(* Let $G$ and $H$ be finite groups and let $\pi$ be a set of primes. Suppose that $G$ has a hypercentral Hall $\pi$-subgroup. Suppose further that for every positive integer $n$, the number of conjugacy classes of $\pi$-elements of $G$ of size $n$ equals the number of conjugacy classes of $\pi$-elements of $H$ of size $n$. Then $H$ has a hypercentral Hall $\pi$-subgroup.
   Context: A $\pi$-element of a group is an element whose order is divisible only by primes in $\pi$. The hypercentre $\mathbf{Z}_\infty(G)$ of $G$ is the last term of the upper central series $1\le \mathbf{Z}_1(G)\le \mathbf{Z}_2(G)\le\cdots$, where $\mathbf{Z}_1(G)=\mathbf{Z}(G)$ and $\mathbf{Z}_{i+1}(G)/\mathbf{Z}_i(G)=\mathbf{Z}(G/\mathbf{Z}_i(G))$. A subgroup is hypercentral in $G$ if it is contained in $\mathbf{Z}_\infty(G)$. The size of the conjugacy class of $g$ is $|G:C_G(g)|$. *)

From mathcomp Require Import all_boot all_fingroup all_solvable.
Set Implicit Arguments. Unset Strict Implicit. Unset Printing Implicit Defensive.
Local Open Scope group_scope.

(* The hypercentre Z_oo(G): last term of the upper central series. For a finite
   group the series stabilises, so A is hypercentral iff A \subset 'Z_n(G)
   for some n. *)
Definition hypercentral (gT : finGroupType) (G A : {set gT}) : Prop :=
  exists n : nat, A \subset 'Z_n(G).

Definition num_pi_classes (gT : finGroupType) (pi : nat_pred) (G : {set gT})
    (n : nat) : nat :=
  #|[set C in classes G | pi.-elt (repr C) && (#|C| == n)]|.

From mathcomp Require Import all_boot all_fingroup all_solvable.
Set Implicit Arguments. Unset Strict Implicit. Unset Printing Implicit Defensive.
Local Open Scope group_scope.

Task description
Reproduce, exactly and with nothing added, the lines from the one that includes "group the series" through the last line of the material.

Task result
   group the series stabilises, so A is hypercentral iff A \subset 'Z_n(G)
   for some n. *)
Definition hypercentral (gT : finGroupType) (G A : {set gT}) : Prop :=
  exists n : nat, A \subset 'Z_n(G).

Definition num_pi_classes (gT : finGroupType) (pi : nat_pred) (G : {set gT})
    (n : nat) : nat :=
  #|[set C in classes G | pi.-elt (repr C) && (#|C| == n)]|.

From mathcomp Require Import all_boot all_fingroup all_solvable.
Set Implicit Arguments. Unset Strict Implicit. Unset Printing Implicit Defensive.
Local Open Scope group_scope.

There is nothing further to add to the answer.